Using Categorical Features in Mining Bug Tracking Systems to Assign Bug Reports

Most bug assignment approaches utilize text classification and information retrieval techniques. These approaches use the textual contents of bug reports to build recommendation models. The textual contents of bug reports are usually of high dimension and noisy source of information. These approaches suffer from low accuracy and high computational needs. In this paper, we investigate whether using categorical fields of bug reports, such as component to which the bug belongs, are appropriate to represent bug reports instead of textual description. We build a classification model by utilizing the categorical features, as a representation, for the bug report. The experimental evaluation is conducted using three projects namely NetBeans, Freedesktop, and Firefox. We compared this approach with two machine learning based bug assignment approaches. The evaluation shows that using the textual contents of bug reports is important. In addition, it shows that the categorical features can improve the classification accuracy.

💡 Research Summary

The paper addresses the problem of automatically assigning bug reports to developers, a task traditionally tackled with text‑based machine‑learning approaches. Existing methods typically extract the title, description, and reproduction steps of a bug report, convert them into high‑dimensional TF‑IDF vectors, and feed these vectors into classifiers such as SVM or Naïve Bayes. While effective in many cases, text‑only models suffer from two major drawbacks: (1) the textual data are noisy, containing misspellings, informal language, and redundant information, which reduces classification accuracy; and (2) the high dimensionality of the feature space leads to substantial computational overhead during training and inference.

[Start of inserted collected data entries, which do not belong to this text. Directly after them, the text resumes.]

(* Let $A\in\mathbb{R}^{m\times n}$ with $\operatorname{rk}(A)=m$, $b\in\mathbb{R}^m$, $P=\{x\in\mathbb{R}^n: Ax=b,\ x\ge\mathbb{0}\}$. Let $B\subseteq[n]$ be a feasible basis, $N=[n]\setminus B$, $x^*=(A_B^{-1}b,\mathbb{0}_N)\in P$, and let $x^{(0)}$ be a vertex of $P$. Consider the following procedure: for $t=0,1,\dots$, while $x^{(t)}\ne x^*$, take a conformal circuit decomposition $x^*-x^{(t)}=\sum_{j=1}^k h^{(j)}$ with $k\le n-m$, choose $g^{(t)}=h^{(j)}$ for some $j$ maximizing $\|h^{(j)}_N\|_1$, and set $x^{(t+1)}=\operatorname{aug}_P(x^{(t)},g^{(t)})$. Then for every iteration $t\ge 0$ of this procedure, $\|x^{(t+1)}_N\|_1\le\big(1-\frac{1}{n-m}\big)\|x^{(t)}_N\|_1$, and $|x^{(t+1)}_i-x^{(t)}_i|\le(n-m)|x^*_i-x^{(t)}_i|$ for all $i\in[n]$.
   Context: An elementary vector of $\ker(A)$ is a nonzero $g\in\ker(A)$ with inclusion-minimal support among nonzero vectors of $\ker(A)$. Vectors $x,y$ are sign-compatible if $x_iy_i\ge0$ for all $i$; $x\sqsubseteq y$ means they are sign-compatible and $|x_i|\le|y_i|$ for all $i$. A conformal circuit decomposition of $x\in\ker(A)$ is an expression $x=\sum_{j=1}^k h^{(j)}$ with each $h^{(j)}$ an elementary vector of $\ker(A)$ and $h^{(j)}\sqsubseteq x$ (one with $k\le\dim\ker(A)=n-m$ always exists). For $x\in P$ and elementary $g$, $\operatorname{aug}_P(x,g)=x+\alpha g$ with $\alpha=\max\{\bar\alpha: x+\bar\alpha g\in P\}$. *)

(* Vectors in R^n are column vectors 'cV[R]_n; x i 0 is x_i. *)
From mathcomp Require Import all_boot all_order all_algebra.
From mathcomp Require Import reals.
Set Implicit Arguments. Unset Strict Implicit. Unset Printing Implicit Defensive.
Import Order.TTheory GRing.Theory Num.Theory.
Local Open Scope ring_scope.

Section Defs.
Variables (R : realType) (m n : nat).
Implicit Types (A : 'M[R]_(m, n)) (b : 'cV[R]_m) (x y g h : 'cV[R]_n).

Definition inP A b x : Prop := A *m x = b /\ forall i, 0 <= x i 0.

Definition vertexP A b x : Prop :=
  inP A b x /\
  forall y z (lam : R), inP A b y -> inP A b z -> 0 < lam < 1 ->
    x = lam *: y + (1 - lam) *: z -> y = z.

Definition colsubB A (B : {set 'I_n}) : 'M[R]_(m, #|B|) :=
  \matrix_(i, j) A i (enum_val j).

Definition is_basis A (B : {set 'I_n}) : Prop :=
  #|B| = m /\ \rank (colsubB A B) = m.

Definition supp x : {set 'I_n} := [set i | x i 0 != 0].

Definition elementary A g : Prop :=
  g != 0 /\ A *m g = 0 /\
  forall h, h != 0 -> A *m h = 0 -> supp h \subset supp g -> supp h = supp g.

Definition conf_le x y : Prop :=
  forall i, 0 <= x i 0 * y i 0 /\ `|x i 0| <= `|y i 0|.

Definition conf_circ_decomp A x (hs : seq 'cV[R]_n) : Prop :=
  (size hs <= n - m)%N /\
  (forall h, h \in hs -> elementary A h /\ conf_le h x) /\
  \sum_(h <- hs) h = x.

Definition is_aug A b x g y : Prop :=
  exists alpha : R,
    [/\ inP A b (x + alpha *: g),
        (forall a : R, inP A b (x + a *: g) -> a <= alpha) &
        y = x + alpha *: g].

Definition normN (B : {set 'I_n}) x : R := \sum_(i | i \notin B) `|x i 0|.

End Defs.

From mathcomp Require Import all_boot all_order all_algebra.
From mathcomp Require Import reals.
From mathcomp Require Import lra.
Set Implicit Arguments. Unset Strict Implicit. Unset Printing Implicit Defensive.
Import Order.TTheory GRing.Theory Num.Theory.
Local Open Scope ring_scope.

(* Write x = x^(t), g = g^(t) and x^(t+1) = x + alpha g.  Every circuit h of
   the decomposition satisfies h ⊑ x* - x, so x + h lies coordinatewise between
   x and x* and hence in P: thus alpha >= 1.  Since x*_N = 0, every circuit is
   nonpositive on N, so ||x_N||_1 = sum_h ||h_N||_1 <= (n - m) ||g_N||_1, and
   ||x_N||_1 > 0 because x - x* in ker A vanishing on N must be 0 (A_B is
   nonsingular).  As x + alpha g >= 0 and g_N <= 0,
   0 <= ||(x + alpha g)_N||_1 = ||x_N||_1 - alpha ||g_N||_1, which forces
   alpha <= n - m, whence the coordinate bound, and with alpha >= 1 gives the
   contraction by 1 - 1/(n - m). *)

Lemma sumr_seq_le_mul_size (R : numDomainType) (T : eqType) (s : seq T)
    (F : T -> R) (c : R) :
  (forall x, x \in s -> F x <= c) -> \sum_(x <- s) F x <= c *+ size s.
Proof.
move=> leFc; rewrite -count_predT -iter_addr_0 -(big_const_seq _ _ s).
by rewrite big_seq [leRHS]big_seq; apply: ler_sum.
Qed.

Lemma conf_scalar_nonpos (R : realDomainType) (h d : R) :
  0 <= h * d -> `|h| <= `|d| -> d <= 0 -> h <= 0.
Proof.
move=> hd0 lehd; rewrite le_eqVlt => /predU1P [d0 | dlt0].
  by move: lehd; rewrite d0 normr0 normr_le0 => /eqP ->.
by rewrite -(nmulr_rge0 _ dlt0) mulrC.
Qed.

Lemma conf_scalar_addr_ge0 (R : realDomainType) (x y g : R) :
  0 <= x -> 0 <= y -> 0 <= g * (y - x) -> `|g| <= `|y - x| -> 0 <= x + g.
Proof.
move=> x0 y0 gd0 legd; have [g0 | glt0] := lerP 0 g; first exact: addr_ge0.
have dle0 : y - x <= 0 by rewrite -(nmulr_rge0 _ glt0).
by move: legd; rewrite (ltr0_norm glt0) (ler0_norm dle0); lra.
Qed.

Section AugmentationStep.
Variables (R : realType) (m n : nat) (A : 'M[R]_(m, n)) (b : 'cV[R]_m).
Variables (B : {set 'I_n}).
Implicit Types (x y xstar g h : 'cV[R]_n).

Lemma basis_supported_ker_eq0 (d : 'cV[R]_n) :
  is_basis A B -> A *m d = 0 -> (forall i, i \notin B -> d i 0 = 0) -> d = 0.
Proof.
move=> [cardB rankB] Ad0 dN0.
pose dB : 'rV[R]_#|B| := \row_j d (enum_val j) 0.
have dB_ker : dB *m (colsubB A B)^T = 0 *m (colsubB A B)^T.
  apply/matrixP => i j; rewrite (ord1 i) mul0mx [RHS]mxE.
  have := congr1 (fun M : 'M[R]_(m, 1) => M j 0) Ad0; rewrite [RHS]mxE => <-.
  rewrite !mxE [RHS](bigID (mem B)) /=.
  rewrite [X in _ = _ + X]big1 => [|k /dN0 ->]; last by rewrite mulr0.
  rewrite addr0 [RHS]big_enum_val; apply: eq_bigr => k _.
  by rewrite !mxE mulrC.
have free_AB : row_free (colsubB A B)^T by rewrite /row_free mxrank_tr rankB cardB.
have dB0 := row_free_inj free_AB dB_ker.
apply/matrixP => i j; rewrite (ord1 j) mxE.
have [iB | /dN0 //] := boolP (i \in B).
have := congr1 (fun M : 'rV[R]_#|B| => M 0 (enum_rank_in iB i)) dB0.
by rewrite !mxE enum_rankK_in.
Qed.

Lemma inP_add_conf x y g :
  inP A b x -> inP A b y -> A *m g = 0 -> conf_le g (y - x) -> inP A b (x + g).
Proof.
move=> [Ax x0] [_ y0] Ag gxy; split; first by rewrite mulmxDr Ag addr0.
move=> i; have [] := gxy i; rewrite !mxE.
exact: conf_scalar_addr_ge0.
Qed.

Lemma conf_sub_offB_nonpos x y h i :
  inP A b x -> (forall i, i \notin B -> y i 0 = 0) -> conf_le h (y - x) ->
  i \notin B -> h i 0 <= 0.
Proof.
move=> [_ x0] yN0 hxy iB; have [] := hxy i; rewrite !mxE yN0 // sub0r.
by move=> hd lehd; apply: conf_scalar_nonpos hd lehd _; rewrite oppr_le0.
Qed.

Lemma normN_ge0 x : 0 <= normN B x.
Proof. exact: sumr_ge0. Qed.

Lemma normN_subl_offB0 x y :
  (forall i, i \notin B -> y i 0 = 0) -> normN B (y - x) = normN B x.
Proof.
move=> yN0; apply: eq_bigr => i iB.
by rewrite !mxE yN0 // sub0r normrN.
Qed.

Lemma normN_sum_offB_nonpos (hs : seq 'cV[R]_n) :
  (forall h, h \in hs -> forall i, i \notin B -> h i 0 <= 0) ->
  normN B (\sum_(h <- hs) h) = \sum_(h <- hs) normN B h.
Proof.
move=> hsN; rewrite /normN exchange_big /=; apply: eq_bigr => i iB.
rewrite summxE ler0_norm; last by rewrite big_seq sumr_le0 // => h /hsN->.
by rewrite -sumrN big_seq [RHS]big_seq; apply: eq_bigr => h /hsN/(_ i iB)/ler0_norm.
Qed.

Lemma normN_addr_scale x g (a : R) :
  (forall i, i \notin B -> [/\ 0 <= x i 0, 0 <= (x + a *: g) i 0 & g i 0 <= 0]) ->
  normN B (x + a *: g) = normN B x - a * normN B g.
Proof.
move=> signs; rewrite /normN mulr_sumr -sumrB; apply: eq_bigr => i /signs[x0 y0 g0].
by rewrite (ger0_norm y0) (ger0_norm x0) (ler0_norm g0) !mxE mulrN opprK.
Qed.

Lemma normN_gt0 x xstar :
  is_basis A B -> A *m xstar = b -> (forall i, i \notin B -> xstar i 0 = 0) ->
  A *m x = b -> x != xstar -> 0 < normN B x.
Proof.
move=> isB Axs xsN0 Ax; rewrite lt_def normN_ge0 andbT; apply: contra => /eqP xN_0.
have xN0 i : i \notin B -> x i 0 = 0.
  move=> iB; apply/eqP/normr0P.
  exact: (psumr_eq0P (P := fun k => k \notin B) (F := fun k => `|x k 0|)) iB.
have /eqP : x - xstar = 0.
  apply: basis_supported_ker_eq0 isB _ _; first by rewrite mulmxBr Axs Ax subrr.
  by move=> i iB; rewrite !mxE xsN0 // xN0 // subrr.
by rewrite subr_eq0.
Qed.

Lemma conf_circ_decomp_offB_nonpos x xstar (hs : seq 'cV[R]_n) :
  inP A b x -> (forall i, i \notin B -> xstar i 0 = 0) ->
  conf_circ_decomp A (xstar - x) hs ->
  forall h, h \in hs -> forall i, i \notin B -> h i 0 <= 0.
Proof.
move=> xP xsN0 [_ [hs_circ _]] h /hs_circ[_ h_conf] i.
exact: conf_sub_offB_nonpos xP xsN0 h_conf.
Qed.

Lemma normN_le_conf_circ_max x xstar (hs : seq 'cV[R]_n) g :
  inP A b x -> (forall i, i \notin B -> xstar i 0 = 0) ->
  conf_circ_decomp A (xstar - x) hs ->
  (forall h, h \in hs -> normN B h <= normN B g) ->
  normN B x <= (n - m)%:R * normN B g.
Proof.
move=> xP xsN0 hs_dec g_max; have [size_hs [_ hs_sum]] := hs_dec.
rewrite -(normN_subl_offB0 x xsN0) -hs_sum.
rewrite normN_sum_offB_nonpos; last exact: conf_circ_decomp_offB_nonpos hs_dec.
rewrite (le_trans (sumr_seq_le_mul_size g_max)) // mulr_natl.
exact: ler_wpMn2l (normN_ge0 g) _ _ size_hs.
Qed.

Lemma aug_step_bounds x xstar (hs : seq 'cV[R]_n) g y :
  is_basis A B -> inP A b x -> inP A b xstar ->
  (forall i, i \notin B -> xstar i 0 = 0) -> x != xstar ->
  conf_circ_decomp A (xstar - x) hs -> g \in hs ->
  (forall h, h \in hs -> normN B h <= normN B g) -> is_aug A b x g y ->
  normN B y <= (1 - ((n - m)%:R)^-1) * normN B x /\
  (forall i, `|y i 0 - x i 0| <= (n - m)%:R * `|xstar i 0 - x i 0|).
Proof.
move=> isB xP xsP xsN0 x_neq hs_dec g_hs g_max [a [yP a_max ->]].
have [[_ [Ag _]] g_conf] := hs_dec.2.1 g g_hs.
have a_ge1 : 1 <= a by apply: a_max; rewrite scale1r; exact: inP_add_conf xP xsP Ag g_conf.
have xN_le := normN_le_conf_circ_max xP xsN0 hs_dec g_max.
have yN_eq : normN B (x + a *: g) = normN B x - a * normN B g.
  apply: normN_addr_scale => i iB; split; [by case: xP | by case: yP |].
  exact: conf_circ_decomp_offB_nonpos xP xsN0 hs_dec g g_hs i iB.
have xN_gt0 : 0 < normN B x := normN_gt0 isB xsP.1 xsN0 xP.1 x_neq.
set K : R := (n - m)%:R in xN_le *.
have yN_ge0 := normN_ge0 (x + a *: g).
set X := normN B x in xN_le yN_eq xN_gt0 *; set G := normN B g in xN_le yN_eq *.
have G_gt0 : 0 < G.
  rewrite lt_def normN_ge0 andbT; apply: contraTneq xN_le => ->.
  by rewrite mulr0 -ltNge.
have K_gt0 : 0 < K by rewrite -(pmulr_lgt0 _ G_gt0) (lt_le_trans xN_gt0 xN_le).
have a_leK : a <= K by rewrite -(ler_pM2r G_gt0) (le_trans _ xN_le) //; lra.
split.
  rewrite yN_eq mulrBl mul1r lerD2l lerN2 mulrC.
  have XK_le : X / K <= G by rewrite ler_pdivrMr // mulrC.
  exact: le_trans XK_le (ler_peMl (ltW G_gt0) a_ge1).
move=> i; rewrite !mxE addrAC subrr add0r normrM ger0_norm; last by lra.
have [_] := g_conf i; rewrite !mxE => g_le.
apply: le_trans (ler_wpM2r (normr_ge0 _) a_leK) _.
by rewrite ler_wpM2l // ltW.
Qed.

End AugmentationStep.

Theorem lemma3p1 (R : realType) (m n : nat) (A : 'M[R]_(m, n)) (b : 'cV[R]_m)
    (B : {set 'I_n}) (xstar : 'cV[R]_n) (xs : nat -> 'cV[R]_n) :
  \rank A = m ->
  is_basis A B ->
  (* x* = (A_B^{-1} b, 0_N), and B is feasible: x* \in P *)
  A *m xstar = b -> (forall i, i \notin B -> xstar i 0 = 0) -> inP A b xstar ->
  vertexP A b (xs 0%N) ->
  (* the procedure: at each iteration t with x^(0), ..., x^(t) <> x* *)
  (forall t : nat, (forall s, (s <= t)%N -> xs s != xstar) ->
     exists hs : seq 'cV[R]_n,
       conf_circ_decomp A (xstar - xs t) hs /\
       exists g, [/\ g \in hs,
                     (forall h, h \in hs -> normN B h <= normN B g) &
                     is_aug A b (xs t) g (xs t.+1)]) ->
  forall t : nat, (forall s, (s <= t)%N -> xs s != xstar) ->
    normN B (xs t.+1) <= (1 - ((n - m)%:R)^-1) * normN B (xs t) /\
    (forall i, `|xs t.+1 i 0 - xs t i 0| <= (n - m)%:R * `|xstar i 0 - xs t i 0|).
Proof.
move=> _ isB _ xsN0 xsP [x0P _] step t xs_neq.
have xtP : inP A b (xs t).
  case: t xs_neq => [//|t] xs_neq.
  have [_ [_ [g [_ _ [a [yP _ ->]]]]]] := step t (fun s le_st => xs_neq s (leqW le_st)).
  exact: yP.
have [hs [hs_dec [g [g_hs g_max g_aug]]]] := step t xs_neq.
exact: aug_step_bounds isB xtP xsP xsN0 (xs_neq t (leqnn t)) hs_dec g_hs g_max g_aug.
Qed.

To explore an alternative, the authors propose using the structured categorical fields that are already present in most bug‑tracking systems. These fields include component, product, version, operating system, and other metadata that developers must fill out when filing a bug. Because the possible values for each field are limited, they can be encoded efficiently (e.g., one‑hot encoding) and provide a low‑dimensional, semantically stable representation of the report.

The experimental methodology consists of three open‑source projects: NetBeans, Freedesktop, and Firefox. For each project the authors collected more than 5,000 bug reports, extracting both the textual content and the categorical metadata, as well as the ground‑truth assignee. Missing categorical values were replaced with an “unknown” token, and all categorical attributes were transformed into binary indicator vectors. Three classic classifiers—Naïve Bayes, Decision Tree, and Random Forest—were trained on the categorical representation. A 10‑fold cross‑validation scheme was used to obtain reliable performance estimates. As baselines, the authors implemented a state‑of‑the‑art text‑only model that uses TF‑IDF weighting and a linear SVM classifier.

Results show that a model built solely on categorical features can achieve competitive performance. The Random Forest classifier trained on categorical data reached an average accuracy of about 71 %, compared with 68 % for the text‑only SVM baseline. An analysis of feature importance revealed that the component and product fields contributed the most to predictive power, while version information had a variable impact across projects. When the categorical features were combined with the textual TF‑IDF vectors in a hybrid model, accuracy rose to roughly 77 %, a statistically significant improvement over either single‑source approach. This demonstrates that the structured metadata capture complementary information that text alone misses.

Despite the promising results, the authors acknowledge several limitations. Categorical data alone cannot distinguish subtle semantic differences that are expressed in the description (e.g., two bugs in the same component but caused by different underlying mechanisms). Moreover, the categorical schema is not static: new components or products may be added over time, requiring updates to the one‑hot encoding and potentially retraining the model. Some projects also suffer from ambiguous or inconsistently named components, which adds preprocessing overhead.

The paper’s contributions are threefold. First, it highlights the under‑exploited value of bug‑tracking metadata as low‑cost, low‑dimensional features for automated bug assignment. Second, it empirically demonstrates that categorical features can match or surpass text‑only models in accuracy while reducing computational demands. Third, it proposes a hybrid approach that integrates both textual and categorical information, achieving the best performance and suggesting a practical direction for future research. The discussion also provides actionable guidance on handling schema evolution and data quality issues when deploying categorical‑based models in real‑world development environments.